I pushed Mr. Pu away from me. “No,” I said, “I’m keeping the picture. Missy is going out with me. We are going to show this picture to someone who knows about it.”
No one who saw Mr. Pu’s expression change as I did could speak any longer of the enigmatic Chinese race. I knew there was something wrong about the picture then. Mr. Pu was actually frightened, so frightened that he was trapped into saying something which I believed he did not intend.
“No, Missy,” he said quickly, breathlessly. “Please, must not go with Mr. Nelson. You stay here. Here. All right. Everyone take good care. You go, all same very bad.”
“It’s going to be very bad for you if you don’t get out of the way,” I said. “Are you coming with me, Miss Joyce, or are you going to stay?”
“Oh, be quiet,” Eleanor Joyce answered. “I told you I was coming.”
She turned to Mr. Pu sweetly. “Mr. Pu,” she explained, “I’m sorry to be so rude. Mr. Nelson wants me to see a Chinese friend of his who knows a great deal about pictures. I think I had better go. He says he will tell some things he knows if I don’t.”
Mr. Pu moved hastily aside. There was a watery light in his eyes as he looked at me that was not reassuring. Before Eleanor Joyce had spoken he had wished to have her stay and now apparently he wished to have her go. Once again Mr. Pu had found out something that he wanted.
“Yes,” he said. “More better you go.”
“But I’ll see you later,” said Eleanor Joyce, “won’t, I, Mr. Pu?”
I walked with her down the corridor to the elevator, pondering over Mr. Pu’s behavior.
“You were very rude to Mr. Pu,” said Eleanor Joyce.
“Well,” I said. “It doesn’t matter, does it? So he wants to sell you some more pictures, does he? Well, the quicker we get out of Mr. Pu’s way the healthier it is going to be, I think.”
“What makes you do this?” she asked me. “What possible reason have you got?”

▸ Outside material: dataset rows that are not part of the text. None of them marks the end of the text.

Lemma terms_of_size_spec : forall n t, In t (terms_of_size n) <-> size t = n.
Proof.
  intros n t. unfold terms_of_size. rewrite filter_In, Nat.eqb_eq.
  split; [tauto|]. intros H. split; [apply enum_le_complete; lia|exact H].
Qed.

Lemma terms_of_size_NoDup : forall n, NoDup (terms_of_size n).
Proof. intros n. apply NoDup_filter, enum_le_NoDup. Qed.

From Stdlib Require Import Reals Lra Lia List Permutation FinFun.

(* Removing the root constructor shows that the number T_n of terms of size n satisfies
   T_{n+1} = 1 + T_n + sum_{i<=n} T_i T_{n-i}, and stripping one head abstraction matches
   the terms of size n+1 with h+1 head abstractions with those of size n with h. Hence
   P(X_{n+h+1} = h) = (T_{n+1} - T_n) / T_{n+h+1} and E X_{n+1} = (T_n / T_{n+1}) (1 + E X_n),
   so both limits follow once T_n / T_{n+1} -> rho.
   With D = 2 z T(z) + z - 1 the generating function satisfies (1 - z) D^2 = 1 - 3z - z^2 - z^3;
   differentiating gives the linear recurrence
   (n+6) T_{n+5} + (2n+9) T_{n+3} + T_{n+2} + (n+1) T_{n+1} = (4n+19) T_{n+4}.
   From it the ratios T_n / T_{n+1} decrease for n >= 1, and the recurrence forces their
   limit L to satisfy (1 - L)(1 - 3L - L^2 - L^3) = 0, i.e. L = rho. *)

Lemma NoDup_length_eq {A} (l1 l2 : list A) :
  NoDup l1 -> NoDup l2 -> (forall x, In x l1 <-> In x l2) -> length l1 = length l2.
Proof. intros H1 H2 H. apply Permutation_length, NoDup_Permutation; auto. Qed.
Definition metrizable (X : topologicalType) : Prop :=
  exists d : X -> X -> Rdefinitions.R,
    [/\ (forall x y, 0 <= d x y),
        (forall x y, d x y = 0 <-> x = y),
        (forall x y, d x y = d y x),
        (forall x y z, d x z <= d x y + d y z)
      & (forall x (A : set X), nbhs x A <-> exists2 e, 0 < e & [set y | d x y < e] `<=` A)].

From HB Require Import structures.
From mathcomp Require Import all_boot all_order all_algebra.
From mathcomp Require Import all_classical all_reals all_analysis finmap.
From mathcomp Require Import Rstruct.
From Stdlib Require Import Relation_Operators Operators_Properties.

Set Implicit Arguments.
Unset Strict Implicit.
Unset Printing Implicit Defensive.

Import Order.TTheory GRing.Theory Num.Theory.
Local Open Scope classical_set_scope.

(* Countability: by compactness it suffices that every point has a countable open
   neighbourhood, which we prove by induction on the height.  Let y have height b.  Every z in U_y \ {y} has height < b, since U_y meets
   X^(b) only in y, so it has a countable open neighbourhood V_z contained in U_z.  As
   {U_z} is point-countable, the equivalence generated by "V_s meets V_w" has countable
   classes; if U_y \ {y} were uncountable, a transversal E of these classes would be
   uncountable.  Each V_z contains at most one point of E, so by compactness every
   neighbourhood of y contains all but finitely many points of E.  Choose p_e with
   e outside U(y, p_e); the p_e form an uncountable set, so by calibre (omega_1, omega)
   infinitely many of them lie below a single u, and U(y, u) misses infinitely many
   points of E, a contradiction.

   Metrizability: the countably many clopen sets U_x separate points, and in a compact
   space the ultrametric d(x, z) = 1/(k+1), where k is the first index of a set of the
   family containing exactly one of x and z, induces the topology. *)

Definition locally_countable {X : topologicalType} (z : X) : Prop :=
  exists O : set X, [/\ open O, O z & countable O].

Section CompactCovers.
Variable X : topologicalType.
Hypothesis cX : compact [set: X].

Lemma compact_finite_open_cover (N : X -> set X) :
  (forall z, open (N z) /\ N z z) ->
  exists D : {fset X}, forall x, exists2 z, z \in D & N z x.
Proof.
move=> oN.
have [[x0 _]|X0] := pselect (exists x : X, True); last first.
  by exists fset0 => x; case: X0; exists x.
(* [compact_cover] is stated for pointed spaces only *)
pose Xp : ptopologicalType :=
  HB.pack (X : Type) (Topological.class X) (isPointed.Build X x0).
have : cover_compact [set: Xp] by rewrite -compact_cover.
move=> /(_ X setT N (fun z _ => (oN z).1)) [|D _ DN].
  by move=> x _; exists x => //; exact: (oN x).2.
by exists D => x; have [z /= zD Nzx] := DN x I; exists z.
Qed.
(* Let $X$ be a locally solid $f$-algebra with a multiplicative unit $e$. If either $Orth_b(X)$ (with the topology of uniform convergence on bounded sets) or $Orth_c(X)$ (with the topology of equicontinuous convergence) possesses the Lebesgue property, then $X$ possesses the Lebesgue property.
   Context: All vector lattices are Archimedean. An $f$-algebra is a Riesz algebra such that $x\wedge y=0$ implies $zx\wedge y=xz\wedge y=0$ for every $z\ge0$; a locally solid $f$-algebra is an $f$-algebra with a linear topology having a base of solid zero neighborhoods. An orthomorphism is an order bounded linear operator $T$ with $T(x)\perp y$ whenever $x\perp y$ ($x\perp y$ means $|x|\wedge|y|=0$). $Orth_b(X)$: orthomorphisms mapping bounded sets to bounded sets, with $S_\alpha\to0$ iff for every bounded $B$ and zero neighborhood $V$ there is $\alpha_0$ with $S_\alpha(B)\subseteq V$ for $\alpha\ge\alpha_0$. $Orth_c(X)$: continuous orthomorphisms, with $S_\alpha\to0$ iff for every zero neighborhood $V$ there is a zero neighborhood $U$ such that for every $\varepsilon>0$ there is $\alpha_0$ with $S_\alpha(U)\subseteq\varepsilon V$ for $\alpha\ge\alpha_0$. A locally solid vector lattice $(E,\tau)$ has the Lebesgue property if for every net $(u_\alpha)$ in $E$, $u_\alpha\downarrow 0$ implies $u_\alpha\to0$ in $\tau$. *)

(* The lattice order, lattice join, multiplication and the (locally solid)
   linear topology are given explicitly, the topology through a base of zero
   neighbourhoods, exactly as in the paper's definitions. *)
From HB Require Import structures.
From mathcomp Require Import all_boot all_order all_algebra.
From mathcomp Require Import boolp classical_sets reals.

“Lord knows,” I answered. “I couldn’t tell you.” And I was right, I could not analyze my own motives. I could no longer tell, now that I had seen the picture and Mr. Pu, whether I liked her or disliked her. Whether she was dangerous, or a damsel in distress. I had thought that she was a nice girl, but now that she was dealing with Mr. Pu, I had an idea that she might be anything. I only knew that I was not going to be shot at again, if I could help it, because I knew Eleanor Joyce.